Stressed-Out Residents, Tele-Triage and the Future of EM, with Dr. Peter Cameron

Stressed-Out Residents, Tele-Triage and the Future of EM, with Dr. Peter Cameron

Peter Cameron has been active in global emergency medicine development for thirty years, spending much of that time in executive leadership at the International Federation for Emergency Medicine (IFEM). As president of IFEM, Cameron brought a steady hand and a dry Australian wit, overseeing a period of significant growth. Today, in addition to serving on the editorial board here at Emergency Physicians International, Cameron is the academic director of the emergency and trauma center at The Alfred, the biggest trauma center in Australia and New Zealand. He’s also a professor of emergency medicine at Monash University. Describing himself as being in the “twilight” of his career Cameron dedicates much of his time now to mentorship, so we wanted to catch up with him to learn about the next generation of emergency physicians. We also cover leapfrog innovation, and the promise of virtual care in emergency medicine. 

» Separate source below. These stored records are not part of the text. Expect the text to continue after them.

(* For any $\delta>0$ and $n\ge\lambda\ge 14\log\frac{4}{\delta}$, the algorithm $C_\lambda$ is $(\varepsilon,\delta)$-differentially private where \[ \varepsilon=\sqrt{\frac{32\log\frac{4}{\delta}}{\lambda-\sqrt{2\lambda\log\frac{2}{\delta}}}}\cdot\left(1-\frac{\lambda-\sqrt{2\lambda\log\frac{2}{\delta}}}{n}\right). \]
   Context: The algorithm $C_\lambda$ on input $(x_1,\dots,x_n)\in\{0,1\}^n$: sample $s\sim\mathrm{Bin}(n,\lambda/n)$; choose $H$ uniformly at random among subsets of $[n]$ of size $s$; output $\sum_{i\notin H}x_i+B$ where $B\sim\mathrm{Bin}(s,1/2)$ is independent. An algorithm $M$ on $\{0,1\}^n$ is $(\varepsilon,\delta)$-differentially private if for all $X,X'$ differing in one coordinate and every set $W$ of outputs, $\Pr[M(X)\in W]\le e^{\varepsilon}\Pr[M(X')\in W]+\delta$. $\log$ is the natural logarithm. *)

From HB Require Import structures.
From mathcomp Require Import all_boot all_order all_algebra.
From mathcomp Require Import reals.
From mathcomp.analysis Require Import sequences exp.
Set Implicit Arguments. Unset Strict Implicit. Unset Printing Implicit Defensive.
Import Order.TTheory GRing.Theory Num.Theory.
Local Open Scope ring_scope.

Definition binom_pmf (R : realType) (n : nat) (p : R) (s : nat) : R :=
  'C(n, s)%:R * p ^+ s * (1 - p) ^+ (n - s).

(* Pr[C_lambda(X) = k] for X in {0,1}^n:
   s ~ Bin(n, lambda/n); H uniform among the C(n,s) subsets of size s;
   output = #{i notin H | x_i = 1} + B with B ~ Bin(s, 1/2). *)
Definition C_lambda_pmf (R : realType) (n : nat) (lam : R)
    (X : {ffun 'I_n -> bool}) (k : 'I_n.+1) : R :=
  \sum_(s < n.+1) binom_pmf n (lam / n%:R) s *
    \sum_(H : {set 'I_n} | #|H| == s)
      ('C(n, s)%:R)^-1 *
      \sum_(b < s.+1) binom_pmf s (2^-1) b *
        ((#|[set i in ~: H | X i]| + b == k)%N)%:R.

Definition diff_private (R : realType) (n : nat)
    (M : {ffun 'I_n -> bool} -> 'I_n.+1 -> R) (eps delta : R) : Prop :=
  forall X X' : {ffun 'I_n -> bool},
    #|[set i | X i != X' i]| = 1%N ->
    forall W : {set 'I_n.+1},
      \sum_(k in W) M X k <= expR eps * \sum_(k in W) M X' k + delta.

(* Let X, X' differ at coordinate i and condition on the noise set H outside i,
   of size m.  Given it, the output is A + X_i + Bin(m, 1/2) if i is not in H
   (probability 1 - p, where p = lam/n) and A + Bin(m + 1, 1/2) if it is, A being
   the same for X and X'.  With U and V the laws of 1 + Bin(m, 1/2) and
   Bin(m, 1/2), the two inputs induce the mixtures (1 - p) U + p (U + V)/2 and
   (1 - p) V + p (U + V)/2, in some order.  Let E be the square-root factor of
   eps and rho = (1 + E/2)^2.  Wherever U <= rho V, the ratio of the mixtures is
   at most (1 + (1 - p) E/2)^2 <= e^((1 - p) E) <= e^eps; the rest of the mass of
   U is a binomial tail, at most e^th c^m by Chernoff's bound, where
   c = (e^th + e^(-rho th))/2.  Averaging over m ~ Bin(n - 1, p) bounds the
   additive error by e^th (1 - p (1 - c))^(n-1) <= e^(th - (lam - p)(1 - c)), and
   a numerically chosen th <= 1/4 with 1 - c >= E^2/32, together with
   lam E^2 >= 32 log(4/delta), makes this at most delta. *)

From HB Require Import structures.
From mathcomp Require Import all_boot all_order all_algebra.
From mathcomp Require Import reals.
From mathcomp.analysis Require Import sequences exp.
From mathcomp.algebra_tactics Require Import ring lra.
Import Order.TTheory GRing.Theory Num.Theory.
Local Open Scope ring_scope.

EPI: You’ve been involved in global emergency medicine for thirty years. How would you describe the pace of change over that time? Has the pace of development increased? 

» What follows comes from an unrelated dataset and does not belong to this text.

(* Let $\mathscr T$ be a functor satisfying (T1)–(T4), and let $\Gamma$, $\Psi$ be as described below. For each $\mathscr T$-based orthomodular dynamic algebra $\mathfrak K$ and $k\in K$, let $S_k\subseteq\mathscr T(K)$ be the unique subset with $k=\bigsqcup S_k$, and define $\lambda_{\mathfrak K}\colon K\to\mathscr P(\mathscr T(\mathbf{Lin}(\widetilde{\mathfrak K})))$ by $\lambda_{\mathfrak K}(k)=\{\nu_{\mathfrak K}(s)\mid s\in S_k\}$, where $\nu_{\mathfrak K}(s)=s\bullet(-)\colon\widetilde K\to\widetilde K$. Then $\lambda=(\lambda_{\mathfrak K})_{\mathfrak K}$ is a natural isomorphism $1_{\mathscr T\mathbb{ODA}}\Rightarrow\Gamma\circ\Psi$.
   Context: $\Gamma(\mathcal M)=\mathscr P(\mathscr T(\mathbf{Lin}(\mathcal M)))$, $\Gamma(k)(A)=\{k\circ a\circ k^{-1}\mid a\in A\}$; $\Psi(\mathfrak K)=(\widetilde K,\preceq,{}^\perp)$, $\Psi(\phi)=\phi|_{\widetilde K}$. (The existence and uniqueness of $S_k$ holds for $\mathscr T$-based orthomodular dynamic algebras.) An involutive unital quantale is $(Q,\bigsqcup,\odot,{}^*,e)$: complete join-semilattice $Q$, associative $\odot$ distributing over arbitrary joins in each argument, unit $e$, ${}^*$ with $x^{**}=x$, $(x\odot y)^*=y^*\odot x^*$, $(\bigsqcup x_i)^*=\bigsqcup x_i^*$. An involutive generalized dynamic algebra (IDA) is such a quantale with ${\sim}\colon K\to K$ satisfying, for all $x,y$ and families $(x_i)$: ${\sim}(x\odot{\sim}{\sim}y)={\sim}(x\odot y)$; ${\sim}(\bigsqcup{\sim}{\sim}x_i)={\sim}(\bigsqcup x_i)$; $({\sim}x)^*={\sim}x$; ${\sim}{\sim}({\sim}{\sim}x\odot y)={\sim}({\sim}x\sqcup{\sim}({\sim}x\sqcup y))$. Test set $\widetilde K=\{{\sim}k\}$; $\bigvee W={\sim}{\sim}\bigsqcup W$; $w^\perp={\sim}w$; $k\preceq l$ iff $\bigvee\{k,l\}=l$; $k\bullet v={\sim}{\sim}(k\odot v)$; $k\equiv l$ iff $k\bullet w=l\bullet w$ for all $w\in\widetilde K$. IDA morphisms preserve arbitrary joins, $\odot$, ${}^*$, unit, ${\sim}$ (category $\mathbb{IDA}$); semi-Foulis means $(\widetilde K,\preceq,{}^\perp)$ is a complete orthomodular lattice. $\mathbb{IM}$: involutive monoids and homomorphisms. For a complete orthomodular lattice $\mathcal M$: $\pi_m(x)=m\wedge(m^\perp\vee x)$; $\mathbf{Lin}(\mathcal M)$ is the set of maps $f$ admitting $f^*$ with $f(x)\le y^\perp\iff x\le f^*(y)^\perp$, an IDA under pointwise joins, composition, ${}^*$, $\mathrm{id}$, ${\sim}f=\pi_{f(1)^\perp}$. For an involutive submonoid $L\supseteq\{\pi_m\}$, $\mathscr P(L)$ is the IDA of subsets of $L$ with union, setwise composition and involution, unit $\{\mathrm{id}\}$, ${\sim}A=\{\pi_{(\bigvee_{a\in A}a(1))^\perp}\}$. $\mathscr T\colon\mathbb{IDA}\to\mathbb{IM}$ satisfies: (T1) $\widetilde K\subseteq\mathscr T(K)\subseteq K$, $\mathscr T(K)$ an involutive submonoid; (T2) for semi-Foulis $\mathfrak K$ with $s=t\iff s\equiv t$ on $\mathscr T(K)$, $\nu_{\mathfrak K}\colon k\mapsto k\bullet(-)$ is an isomorphism $\mathscr T(\mathfrak K)\to\mathscr T(\mathbf{Lin}(\widetilde{\mathfrak K}))$; (T3) $f\mapsto\{f\}$ is an isomorphism $\mathscr T(\mathbf{Lin}(\mathcal M))\to\mathscr T(\mathscr P(\mathscr T(\mathbf{Lin}(\mathcal M))))$; (T4) $\mathscr T(f)$ is the restriction of $f$. A $\mathscr T$-based orthomodular dynamic algebra is an IDA with: (TODA1) $(\widetilde K,\preceq,{}^\perp)$ a complete orthomodular lattice; (TODA2) every $A$ with $\mathscr T(K)\subseteq A\subseteq K$ closed under $\odot$, ${}^*$, arbitrary joins equals $K$; (TODA3) for $S,T\subseteq\mathscr T(K)$, $\bigsqcup S=\bigsqcup T$ iff $S=T$; (TODA4) for $s,t\in\mathscr T(K)$, $s=t$ iff $s\equiv t$. $\mathscr T\mathbb{ODA}$: these objects with bijective IDA morphisms. $\mathbb{COL}$: complete orthomodular lattices with ortholattice isomorphisms. *)

From Stdlib Require Import ClassicalEpsilon.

Peter Cameron: I wouldn’t say the pace of development has sped up, but the way we communicate has, with social media and so forth. We now communicate more efficiently. Which can be a positive, but sometimes trends take off that shouldn’t. 

EPI: What kinds of trends have you seen take off on social media that maybe needed a little more consideration? 

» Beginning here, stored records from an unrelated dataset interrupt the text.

(* In the setting and construction described in the context, with $M_{s,t}=(1+R(4,R(4,s)))^{t-2}$: (1) $|S_{t-1}|\le M_{s,t}$ (a constant depending only on $s$ and $t$); (2) $V\setminus(S_{t-1}\cup N(S_{t-1}))=\emptyset$, i.e. $S_{t-1}$ is a dominating set of $G$.
   Context: All graphs are finite and simple. $P_t$ is the path on $t$ vertices; $K_4$ is the complete graph on $4$ vertices; $SDK_s$ is the one-subdivision of $K_{1,s}$ (replace each edge $uv$ of the star $K_{1,s}$ by a path $u w v$ through a new vertex $w$). A graph is $\mathcal{H}$-free if it has no induced subgraph isomorphic to a member of $\mathcal{H}$. $R(k,l)$ denotes the Ramsey number: the least integer such that every graph on at least $R(k,l)$ vertices contains a clique on $k$ vertices or a stable set on $l$ vertices. For $X\subseteq V$, $N(X)=\bigcup_{v\in X}N(v)$. A set $D\subseteq V$ is dominating if every vertex outside $D$ has a neighbor in $D$. Setting: $s,t$ are positive integers with $t\ge 2$, and $G=(V,E)$ is a connected $(P_t,SDK_s,K_4)$-free graph. Fix a vertex $a\in V$, and set $S_1=\{a\}$. For $i=1,2,\dots,t-2$ define $S_{i+1}$ as follows: let $B_i=N(S_i)$ and $W_i=V\setminus(B_i\cup S_i)$; enumerate $S_i=\{v_1,\dots,v_{|S_i|}\}$ and for $j=1,\dots,|S_i|$ let $B_i^j=\{v\in B_i\setminus\bigcup_{k<j}B_i^k : v\text{ is adjacent to }v_j\}$ (so $B_i=\bigcup_j B_i^j$); for each $j$ let $X_i^j\subseteq B_i^j$ be an inclusion-minimal set such that every $w\in W_i$ with $N(w)\cap B_i^j\neq\emptyset$ satisfies $N(w)\cap X_i^j\ne\emptyset$; let $X_i=\bigcup_j X_i^j$ and $S_{i+1}=S_i\cup X_i$. The choices of enumeration and of minimal sets are arbitrary. *)

From mathcomp Require Import all_boot.
From Stdlib Require Import ClassicalDescription.
Set Implicit Arguments. Unset Strict Implicit. Unset Printing Implicit Defensive.

Definition simple_graph (T : finType) (e : rel T) : Prop :=
  symmetric e /\ irreflexive e.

Cameron: I think of particular treatments, like factor 7 was very popular, then it wasn’t shown to make a lot of difference. Then we’ve had fads with airway techniques. A lot of these fads aren’t based on evidence; they’re based on personalities. Even though we’ve talked about evidence-based medicine since the 1990s, we’re still very much focused on eminence–based medicine. I wouldn’t necessarily call them influencers, but it’s effectively the same. Most of the time it doesn’t do a lot of harm, but it diverts people from what’s important. 

EPI: What has surprised you about the progression of emergency medicine over the last 30 years? 

Cameron: One of my mentors who recently died, Joseph Epstein, told me years ago that I needed to get into computing, into electronic medical records, because everything was going to go digital. He encouraged me to get in on the ground floor. Thirty years later, electronic medical records are still a pretty clunky beast. The ability to link data sets is difficult. Unless you’re moving within a single health system, access to data is difficult. The ability to track patients is problematic. In places like Australia and other high income countries, you would have expected to have moved a lot further forward in this area.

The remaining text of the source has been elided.